Information provided
---+---

Variables (t1 c : nat).
Hypotheses (c0 : (0 < c)%N) (t10 : (0 < t1)%N)
  (noK : no_biclique E t1 (4 * K * c)) (noK' : no_biclique (fun x y => ~~ E x y) t1 (4 * K * c))
  (V2_large : (128 * K * (4 * K * c) <= #|V2|)%N)
  (V1_buckets : (2 * (#|V2| %/ s).+1 * (t1 * 2 ^ c) <= #|V1|)%N)
  (V1_large : (256 * (t1 * 2 ^ c) * (t1 * 2 ^ c) <= #|V1|)%N).

Lemma exists_far_independent : exists I : {set V1 * V1},
  [/\ {subset I <= far_pair (close E K) bucket (well_ordered_pair E) [set: V1]}, disjoint_pairs I,
      {in I &, forall p q, p != q -> ~~ conflict E K p q} & (#|V1| <= #|I| * #|I|)%N].
Proof.
have bucket_lt u : (bucket u < (#|V2| %/ s).+1)%N by rewrite ltnS leq_div2r ?max_card.
have ordered_total : total (well_ordered_pair E) by move=> u v; apply: leq_total.
have V2_gt0 : (0 < #|V2|)%N by nia.
have [Q Qfar [Qdisj cardQ]] := exists_far_pairing (close_refl E K V2_gt0) (close_sym E K)
  (card_close_le K0 c0 noK noK' V2_large) bucket_lt ordered_total [set: V1].
have divb_large p : p \in Q -> (2 * (4 * K * c) <= #|divb_ord E p.1 p.2|)%N.
  case/Qfar/and5P => _ _ far_p _ ordered_p.
  have h := leq_trans V2_large (far_divb_large far_p ordered_p).
  rewrite -(@leq_pmul2l (64 * K)) ?muln_gt0 //; apply: leq_trans h; lia.
have [I [IQ Iind cardI]] := independent_set_of_outdeg
  (fun p pQ => card_conflict_le K0 c0 noK Qdisj pQ (divb_large p pQ)).
exists I; split => [p /(subsetP IQ)/Qfar //|p q /(subsetP IQ) pQ /(subsetP IQ)|//|].
  exact: Qdisj.
rewrite cardsT in cardQ.
have := V1_buckets; have := V1_large.
set L := (t1 * 2 ^ c)%N; set nb := (#|V2| %/ s).+1 => hL hnb.
have L0 : (0 < L)%N by rewrite muln_gt0 t10 expn_gt0.
have IL : (#|I| <= L * #|I|)%N by rewrite leq_pmull.
apply: (leq_sq_of_linear _ _ hL); first by nia.
lia.
Qed.

Lemma exists_pair_matching : exists (k : nat) (x y : 'I_k -> V1),
  Num.sqrt (#|V1|%:R : RR) <= k%:R /\ pair_matching E (1024 * K * K)%N%:R^-1 x y.
Proof.
have [I [Ifar Idisj Iind cardI]] := exists_far_independent.
exists #|I|, (fun i => (enum_val i).1), (fun i => (enum_val i).2).
by split; [exact: sqrt_nat_le | exact: pair_matching_of_far_independent].
Qed.

End PairMatching.

Lemma log2_nat_le (C : RR) (K N j : nat) : 0 <= C -> C <= K%:R ->
  (0 < N)%N -> (N < 2 ^ j)%N -> C * log2 N%:R <= (K * j)%N%:R.
Proof.
move=> C0 CK N0 Nj; have ln2 : (0 : RR) < ln 2 by rewrite ln_gt0 // ltr1n.
have log_ge0 : 0 <= log2 N%:R by rewrite divr_ge0 ?ln_ge0 ?ler1n // ltW.
have log_le : log2 N%:R <= j%:R.
  rewrite ler_pdivrMr // mulr_natl -lnXn // ler_ln ?posrE ?ltr0n ?exprn_gt0 //.
  by rewrite -natrX ler_nat ltnW.
by rewrite natrM; apply: le_trans (ler_wpM2r log_ge0 CK) (ler_wpM2l (ler0n _ K) log_le).
Qed.

Lemma no_biclique_of_ramsey (V1 V2 : finType) (E : V1 -> V2 -> bool) (C : RR) (t1 t2 : nat) :
  bip_ramsey E C -> C * log2 #|V1|%:R <= t1%:R -> C * log2 #|V2|%:R <= t2%:R ->
  no_biclique E t1 t2 /\ no_biclique (fun x y => ~~ E x y) t1 t2.
Proof.
move=> hR h1 h2; split=> T1 T2 hT1 hT2 complete;
  apply: (hR #|T1| #|T2|); rewrite ?hT2 ?(le_trans h1) ?ler_nat //;
  exists T1, T2; do 2!split=> //.
- by left.
- by right.
Qed.
End Energy.

Lemma quad_ge0_lin_eq0 (R : realFieldType) (a b : R) :
  (forall t, 0 <= 2 * t * a + t ^+ 2 * b) -> a = 0.
Proof.
move=> quad_ge0; pose c := b ^+ 2 + 1.
have c_gt0 : 0 < c by rewrite /c; nra.
have := quad_ge0 (- a / c).
have -> : 2 * (- a / c) * a + (- a / c) ^+ 2 * b = a ^+ 2 * (b - 2 * c) / c ^+ 2.
  by field; rewrite gt_eqF.
rewrite pmulr_lge0 ?invr_gt0 ?exprn_gt0 // nmulr_lge0; last by rewrite /c; nra.
by move=> a2_le0; apply/eqP; rewrite -sqrf_eq0 eq_le a2_le0 sqr_ge0.
Qed.

Lemma sum_sym_mul_diff (R : comRingType) (n : nat) (w : 'I_n -> 'I_n -> R)
    (a b : 'I_n -> R) :
  (forall i j, w i j = w j i) ->
  \sum_(i < n) \sum_(j < n) w i j * ((a i - a j) * (b i - b j)) =
  2 * \sum_(i < n) \sum_(j < n) w i j * (a i - a j) * b i.
Proof.
move=> w_sym.
have swap : \sum_(i < n) \sum_(j < n) w i j * (a j - a i) * b j =
            \sum_(i < n) \sum_(j < n) w i j * (a i - a j) * b i.
  rewrite exchange_big; apply: eq_bigr => i _.
  by apply: eq_bigr => j _; rewrite w_sym.
rewrite mulr2n mulrDl mul1r -{2}swap -big_split; apply: eq_bigr => i _ /=.
by rewrite -big_split; apply: eq_bigr => j _ /=; ring.
Qed.

Section DirichletForm.
Variables (R : realType) (N : nat) (mu : 'M[R]_N) (vb : 'I_N -> R).
Hypothesis mu_ge0 : forall i j, 0 <= mu i j.
Hypothesis mu_sym : forall i j, mu i j = mu j i.
Hypothesis vb_gt0 : forall i, 0 < vb i.
Implicit Types (h u : 'I_N -> R) (t c : R).

Definition dbilin h u : R := \sum_(i < N) \sum_(j < N)
  mu i j * vb i * vb j * ((h i / vb i - h j / vb j) * (u i / vb i - u j / vb j)).

Definition eig_op h i : R :=
  h i * (\sum_(j < N) mu i j * (vb j / vb i)) - \sum_(j < N) mu i j * h j.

---+---

Your goal
Once you have counted the lines of the data that contain the word "cardI", please reply with that number alone.

Answer to the problem
2